Site icon Craig Murray

Things Fall Apart

I went today to speak to a national conference of the Society of Friends, or Quakers. I was delighted to be invited because I have always had a huge amount of respect for them and the good work they do. When the followers of George Bush or Osama Bin Laden make me despair of religion, I think of the Quakers as an antidote.

I was talking at 11.15, so I got up in Shepherds Bush at 6.45 to get there by train. The journey was complicated by weekend engineering works, but I made it to Swanwick at 11am. Alarm bells started to ring when the taxi driver had not heard of the Hayes conference centre. Nor had the guard at the Marina, the girl in the pub, or the man in the Post Office. It turned out I was at Swanwick in Hampshire, and the conference was at Swanwick in Derbyshire, several hundred miles away.

The Hampshire Swanwick has a railway station. Swanwick in Derbyshire doesn’t, so when I bought a ticket nobody asked me which one I wanted. But when I looked through my agenda it did in fact say Swanwick, Derbyshire. So it was entirely my fault.

I had clerical and other assistance from day 1 of my working life, and subsequently PAs and drivers, and servants at home. I was always very aware just how reliant I was on this assistance.
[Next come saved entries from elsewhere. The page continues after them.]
Lemma uniform_allocation_achievable : (0 < K)%N ->
  achievable_variances (K%:R * (\sum_i c i ^+ 2) / M).
Proof.
move=> K_gt0; have KR_gt0 : 0 < K%:R :> R by rewrite ltr0n.
have Gamma i : \sum_(j < K | i \in G j) (1 : R) = 1.
  by rewrite (eq_bigl (pred1 (f i))) ?big_pred1_eq // => j; rewrite G_f eq_sym.
exists (fun _ => M / K%:R), (fun _ _ => 1); split.
  split; first by move=> j; rewrite divr_gt0.
  split; last by move=> i; rewrite Gamma.
  by rewrite sumr_const card_ord -[X in X = _]mulr_natr divfK ?gt_eqF.
rewrite -mulrA mulr_suml mulr_sumr; apply: eq_bigr => i _.
rewrite (eq_bigr (fun _ => 1 * (M / K%:R)^-1)); last by move=> j _; rewrite expr1n.
by rewrite -mulr_suml Gamma mul1r; field; rewrite !gt_eqF.
Qed.

Lemma var_opt_partition_le : var_opt M c G <= K%:R * (\sum_i c i ^+ 2) / M.
Proof.
have [K0|K_gt0] := posnP K; last exact/var_opt_le/uniform_allocation_achievable.
rewrite var_opt_empty ?K0 ?mul0r // => -[_ [Ms [w [[_ [sumMs _]] _]]]].
move: M_gt0; rewrite -sumMs big1 ?ltxx // => -[j j_lt] _.
by exfalso; rewrite K0 in j_lt.
Qed.

Lemma var_opt_balanced s : (0 < K)%N -> (forall j, group_weight j = s) ->
  var_opt M c G = K%:R ^+ 2 * s / M.
Proof.
move=> K_gt0 weight_s.
have s_ge0 : 0 <= s.
  by rewrite -(weight_s (Ordinal K_gt0)) sumr_ge0 // => i _; exact: sqr_ge0.
have sum_c : \sum_i c i ^+ 2 = K%:R * s.
  rewrite (partition_big f xpredT) //= (eq_bigr (fun _ => s)) => [|j _].
    by rewrite sumr_const card_ord mulr_natl.
  exact: weight_s.
apply/eqP; rewrite eq_le; apply/andP; split.
  by have := var_opt_partition_le; rewrite sum_c expr2 mulrA.
apply: lb_le_inf; first by eexists; exact: uniform_allocation_achievable.
move=> _ [Ms [w [adm ->]]]; rewrite model_variance_partition //.
case: adm => Ms_gt0 [sumMs _]; set a := K%:R / M.
rewrite (eq_bigr (fun j => s * (1 ^+ 2 / Ms j))) => [|j _]; last first.
  by rewrite weight_s expr1n mul1r.
(* tangent at the uniform allocation [Ms j = M / K] *)
apply: le_trans (ler_sum _ (fun j _ => ler_wpM2l s_ge0
  (tangent_le_sqr_div 1 a (Ms_gt0 j)))).
rewrite -mulr_sumr sumrB -[\sum_(j < K) (Ms j * _)]mulr_suml sumMs.
rewrite sumr_const card_ord /a.
rewrite [leRHS](_ : _ = K%:R ^+ 2 * s / M) // -mulr_natr.
by field; exact: lt0r_neq0.
Qed.

End OptimalVariance.

Lemma grouping_assignment n N m (P : 'I_N -> pauli n) (G : 'I_m -> {set 'I_N}) :
  grouping P G -> exists f : 'I_N -> 'I_m, forall i j, (i \in G j) = (f i == j).
Proof.
case=> [[_ cover] disj].
suff /fin_all_exists[f G_f] i : exists j0 : 'I_m, forall j, (i \in G j) = (j0 == j).
  by exists f.
have [j0 in_j0] := cover i; exists j0 => j.
have [<-|ne] := eqVneq j0 j; first by rewrite in_j0.
by rewrite (disjointFr (disj j0 j ne) in_j0).
Qed.

Lemma var_opt_ratio_le (R : realType) n N (c : 'I_N -> R) (P : 'I_N -> pauli n)
    m (G : 'I_m -> {set 'I_N}) mR (Rg : 'I_mR -> {set 'I_N}) M :
  0 < M -> grouping P G -> var_opt M c G / var_opt M c Rg <= m%:R.
Proof.
move=> M_gt0 /grouping_assignment[f G_f].
have [->|var_neq0] := eqVneq (var_opt M c Rg) 0; first by rewrite invr0 mulr0.
have : (achievable_variances M c Rg !=set0)%classic.
  by apply: contrapT => /var_opt_empty/eqP; exact/negP.
move=> /(var_opt_ge_sum M_gt0) lb.
have var_gt0 : 0 < var_opt M c Rg.
  rewrite lt_def var_neq0 (le_trans _ lb) // divr_ge0 ?(ltW M_gt0) //.
  by apply: sumr_ge0 => i _; exact: sqr_ge0.
rewrite ler_pdivrMr // (le_trans (var_opt_partition_le c M_gt0 G_f)) //.
by rewrite -mulrA ler_wpM2l.
Qed.

Lemma half_eqE n l : (n./2 == l) = (n == l.*2) || (n == l.*2.+1).
Proof.
apply/eqP/orP => [<-|[]/eqP->] /=; rewrite ?doubleK ?uphalf_double //.
by rewrite -{1 3}[n]odd_double_half; case: odd; [right | left].
Qed.

Lemma flatten_iota_pairs a k :
  flatten [seq [:: l.*2; l.*2.+1] | l <- iota a k] = iota a.*2 k.*2.
Proof. by elim: k a => // k IH a; rewrite /= IH doubleS. Qed.

Lemma card_double_ord m (P : pred nat) :
  #|[pred i : 'I_(m.*2) | P i]| = (\sum_(l < m) (P l.*2 + P l.*2.+1))%N.
Proof.
rewrite -sum1_card big_mkcond /= (eq_bigr (fun i : 'I_(m.*2) => nat_of_bool (P i))).
  rewrite -(big_mkord xpredT (fun i => nat_of_bool (P i))).
  rewrite -(big_mkord xpredT (fun l => P l.*2 + P l.*2.+1)%N).
  elim: m => [|m IH]; first by rewrite !big_geq.
  by rewrite doubleS !big_nat_recr //= IH addnA.
by move=> i _; rewrite inE; case: (P i).
Qed.

Lemma card_set_ord_eq n (b : bool) h : (h < n)%N ->
  #|[set k : 'I_n | b && (k == h :> nat)]| = b.
Proof.
move=> h_lt; case: b.
  rewrite (_ : [set k | _] = [set Ordinal h_lt]) ?cards1 //.
  by apply/setP => k; rewrite !inE -val_eqE.
by rewrite eq_card0 // => k; rewrite !inE.
Qed.

(* Codes as in [pauli]: term [2l] is X on qubit [l]; term [2l+1] is Z on every
   qubit except [l]. *)
Definition xz_site (t k : nat) : nat :=
  if k == t./2 then (if odd t then 0 else 1) else (if odd t then 3 else 0).

Lemma xz_site_lt4 t k : (xz_site t k < 4)%N.
Proof. by rewrite /xz_site; case: (k == _); case: odd. Qed.

Lemma xz_site_clash t t' k :
  [&& xz_site t k != 0%N, xz_site t' k != 0%N & xz_site t k != xz_site t' k]
  = ((odd t != odd t') && (t./2 != t'./2)) && (k == (if odd t then t' else t)./2).
Proof.
rewrite /xz_site; case: (eqVneq k t./2) => [->|k_t].
  by case: (odd t) (odd t') => [] [] /=; rewrite ?eqxx //=; case: (t./2 =P t'./2).
case: (eqVneq k t'./2) => [k_t'|k_t']; last first.
  case: (odd t) (odd t') => [] [] /=;
  by rewrite ?(negbTE k_t) ?(negbTE k_t') ?andbF.
rewrite {}k_t' in k_t *; rewrite [t./2 == _]eq_sym k_t.
by case: (odd t) (odd t') => [] [] //=; rewrite ?eqxx ?(negbTE k_t).
Qed.

Lemma xz_site_inj t t' :
  xz_site t t./2 = xz_site t' t./2 -> xz_site t t'./2 = xz_site t' t'./2 -> t = t'.
Proof.
move=> site_t site_t'; suff [odd_eq half_eq] : odd t = odd t' /\ t./2 = t'./2.
  by rewrite -[t]odd_double_half odd_eq half_eq odd_double_half.
move: site_t site_t'; rewrite /xz_site !eqxx [t'./2 == _]eq_sym.
by case: eqVneq => [->|_]; case: (odd t) (odd t') => [] [].
Qed.

Section XZHamiltonian.
Variables (m : nat) (R : realType).

Lemma half_ord_lt (t : 'I_(m.*2)) : (t./2 < m)%N.
Proof. by move: (ltn_ord t); lia. Qed.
I think this comes over in my book. I may be bright, but I am not at all practical. Get me to a meeting and I will have complete command of the brief and the meeting, but without help I will never get there. In many ways I am the archetypal absent-minded bumbler, brain always on a knotty question while I lose my spectacles. I have lost four mobile phones this year. I really feel quite depressed about it; now I face the every day problems of self management that everyone has to deal with, I simply cannot cope. Despite trying very hard indeed.